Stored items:
Lemma coef_pow_roots_polyS (R : nzRingType) (z : R) k i :
  (pow_roots_poly z k.+1)`_i =
  (if i == 0%N then 0 else (pow_roots_poly z k)`_i.-1) - (pow_roots_poly z k)`_i * z ^+ k.
Proof. by rewrite /pow_roots_poly big_nat_recr //= mulrBr coefB coefMX coefMC. Qed.

Lemma coef_pow_roots_poly_eq0 (R : nzRingType) (z : R) k i :
  (k < i)%N -> (pow_roots_poly z k)`_i = 0.
Proof. by move=> ltki; rewrite nth_default // size_prod_XsubC size_iota subn0. Qed.

Section TaftBasis.
Variables (K : fieldType) (n : nat).
Local Notation N := n.+1.
Local Notation GX := (taftGX K N).

Definition gx_index (i j : nat) : 'I_N * 'I_N := (inord (i %% N), inord j).

Lemma taftGXE i j w : GX i j w = ((val w.1 == i %% N)%N && (val w.2 == j))%:R.
Proof. by rewrite ffunE; case: ifP. Qed.

Lemma taftGX_index i j w : (j < N)%N -> GX i j w = (w == gx_index i j)%:R.
Proof.
move=> ltjN; case: w => a b.
by rewrite taftGXE /gx_index xpair_eqE -!val_eqE /= !inordK ?ltn_mod.
Qed.

Lemma taftGX_modn i i' j : (i = i' %[mod N])%N -> GX i j = GX i' j.
Proof. by move=> eqi; apply/ffunP => w; rewrite !ffunE eqi. Qed.

Lemma taftGX_eq0 i j : (N <= j)%N -> GX i j = 0.
Proof.
move=> leNj; apply/ffunP => w; rewrite !ffunE.
by rewrite [_ == j]ltn_eqF ?andbF // (leq_trans (ltn_ord _)).
Qed.

Lemma taftGX_N j : GX N j = GX 0 j.
Proof. by apply: taftGX_modn; rewrite modnn mod0n. Qed.

Lemma taftE_index i j : (j < N)%N -> taftE K (gx_index i j) = GX i j.
Proof.
by move=> ltjN; rewrite /taftE /= !inordK ?ltn_mod //; apply: taftGX_modn; rewrite modn_mod.
Qed.

Lemma tensGXE i j i' j' p : (j < N)%N -> (j' < N)%N ->
  tens (GX i j) (GX i' j') p = (p == (gx_index i j, gx_index i' j'))%:R.
Proof.
move=> ltjN ltj'N; case: p => a b.
rewrite ffunE /= !taftGX_index // xpair_eqE.
by case: (a == _); case: (b == _); rewrite ?mulr1 ?mulr0.
Qed.

Lemma sum_tensGX (V : lmodType K^o) i j i' j' (F : taft K N -> taft K N -> V) :
  (j < N)%N -> (j' < N)%N ->
  \sum_(p : ('I_N * 'I_N) * ('I_N * 'I_N))
     tens (GX i j) (GX i' j') p *: F (taftE K p.1) (taftE K p.2) = F (GX i j) (GX i' j').
Proof.
move=> ltjN ltj'N; under eq_bigr => p _ do rewrite tensGXE //.
by rewrite sumr_scale_delta /= !taftE_index.
Qed.

Lemma sum_taft2D (V : lmodType K^o) (T T' : taft2 K N) (F : _ -> V) :
  \sum_(p : ('I_N * 'I_N) * ('I_N * 'I_N)) (T + T') p *: F p =
  \sum_(p : ('I_N * 'I_N) * ('I_N * 'I_N)) T p *: F p +
  \sum_(p : ('I_N * 'I_N) * ('I_N * 'I_N)) T' p *: F p.
Proof. by rewrite -big_split; apply: eq_bigr => p _; rewrite ffunE scalerDl. Qed.

Variable q : K.
Hypothesis qN : q ^+ N = 1.

Lemma q_neq0 : q != 0.
Proof. by apply: contra_eq_neq qN => ->; rewrite expr0n eq_sym oner_neq0. Qed.

Lemma taft_mulGX i j i' j' :
  taft_mul q (GX i j) (GX i' j') = q ^+ (j * i') *: GX (i + i') (j + j').
Proof.
have [ltjN|leNj] := ltnP j N; last first.
  rewrite taftGX_eq0 // (taftGX_eq0 _ (leq_trans leNj (leq_addr _ _))) scaler0.
  by rewrite /taft_mul big1 // => u _; rewrite big1 // => v _; rewrite ffunE !mul0r scale0r.
have [ltj'N|leNj'] := ltnP j' N; last first.
  rewrite (taftGX_eq0 i' leNj') (taftGX_eq0 _ (leq_trans leNj' (leq_addl _ _))) scaler0.
  rewrite /taft_mul big1 // => u _; rewrite big1 // => v _.
  by rewrite [(0 : taft K N) v]ffunE mulr0 mul0r scale0r.
rewrite /taft_mul.
under eq_bigr => u _ do under eq_bigr => v _ do rewrite !taftGX_index // -!scalerA.
under eq_bigr => u _ do rewrite -scaler_sumr.
rewrite !sumr_scale_delta /= !inordK ?ltn_mod // -(expr_mod _ qN) modnMmr (expr_mod _ qN).
by congr (_ *: _); apply: taftGX_modn; rewrite modnDm.
Qed.

Lemma taft2_mul_tens i j i' j' k l k' l' :
  (j < N)%N -> (j' < N)%N -> (l < N)%N -> (l' < N)%N ->
  taft2_mul q (tens (GX i j) (GX i' j')) (tens (GX k l) (GX k' l')) =
  tens (taft_mul q (GX i j) (GX k l)) (taft_mul q (GX i' j') (GX k' l')).
Proof.
move=> *; rewrite /taft2_mul.
under eq_bigr => p _ do under eq_bigr => p' _ do rewrite !tensGXE // -scalerA.
under eq_bigr => p _ do rewrite -scaler_sumr.
by rewrite !sumr_scale_delta /= !taftE_index.
Qed.

Lemma taft2_mulDl (T T' S : taft2 K N) :
  taft2_mul q (T + T') S = taft2_mul q T S + taft2_mul q T' S.
Proof.
rewrite /taft2_mul -big_split; apply: eq_bigr => p _.
by rewrite -big_split; apply: eq_bigr => p' _; rewrite ffunE mulrDl scalerDl.
Qed.

Lemma taft2_mulDr (T T' S : taft2 K N) :
  taft2_mul q S (T + T') = taft2_mul q S T + taft2_mul q S T'.
Proof.
rewrite /taft2_mul -big_split; apply: eq_bigr => p _.
by rewrite -big_split; apply: eq_bigr => p' _; rewrite ffunE mulrDr scalerDl.
Qed.

Lemma taft2_exp_Delta_g r : taft2_exp q (Delta_g K N) r = tens (GX r 0) (GX r 0).
Proof.
elim: r => [//|r IHr].
rewrite /taft2_exp iterS -/(taft2_exp q (Delta_g K N) r) IHr /Delta_g.
by rewrite taft2_mul_tens // !taft_mulGX !mul0n expr0 !scale1r add1n.
Qed.

Lemma taft_DeltaGX i j : (j < N)%N ->
  taft_Delta q (GX i j) =
  taft2_mul q (taft2_exp q (Delta_g K N) (i %% N)) (taft2_exp q (Delta_x K N) j).
Proof.
move=> ltjN; rewrite /taft_Delta; under eq_bigr => u _ do rewrite taftGX_index //.
by rewrite sumr_scale_delta /= !inordK // ltn_mod.
Qed.

Lemma taft_Delta_g i : taft_Delta q (GX i 0) = tens (GX i 0) (GX i 0).
Proof.
rewrite taft_DeltaGX // taft2_exp_Delta_g /taft2_exp /= /taft_one taft2_mul_tens //.
rewrite !taft_mulGX !muln0 expr0 !scale1r !addn0.
by rewrite (@taftGX_modn (i %% N) i) // modn_mod.
Qed.

Hypothesis n_gt0 : (0 < n)%N.

Lemma taft2_exp_Delta_x1 : taft2_exp q (Delta_x K N) 1 = Delta_x K N.
Proof.
rewrite /taft2_exp /= /Delta_x /taft_one taft2_mulDl !taft2_mul_tens //.
by rewrite !taft_mulGX !muln0 !expr0 !scale1r !addn0.
Qed.

Lemma taft_Delta_gx i :
  taft_Delta q (GX i 1) = tens (GX i 1) (GX i 0) + tens (GX i.+1 0) (GX i 1).
Proof.
rewrite taft_DeltaGX // taft2_exp_Delta_g taft2_exp_Delta_x1 /Delta_x /taft_one.
rewrite taft2_mulDr !taft2_mul_tens // !taft_mulGX !muln0 !expr0 !scale1r !addn0 !add0n.
rewrite !(@taftGX_modn (i %% N) i) ?modn_mod //.
by rewrite (@taftGX_modn (i %% N + 1) i.+1) // modnDml addn1.
Qed.

Section PartialAction.
Variables (A : algType K) (act : taft K N -> A -> A).
Hypothesis PA : partial_action q act.

Lemma act0l a : act 0 a = 0.
Proof.
have [linl _ _ _ _] := PA; have := linl 1 0 0 a; rewrite !scale1r addr0 => idem.
by apply: (addrI (act 0 a)); rewrite addr0 -idem.
Qed.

Try it
Repeat precisely the lines of the data starting at the one containing "Section PartialAction.", last line included.

Your response
Section PartialAction.
Variables (A : algType K) (act : taft K N -> A -> A).
Hypothesis PA : partial_action q act.

Lemma act0l a : act 0 a = 0.
Proof.
have [linl _ _ _ _] := PA; have := linl 1 0 0 a; rewrite !scale1r addr0 => idem.
by apply: (addrI (act 0 a)); rewrite addr0 -idem.
Qed.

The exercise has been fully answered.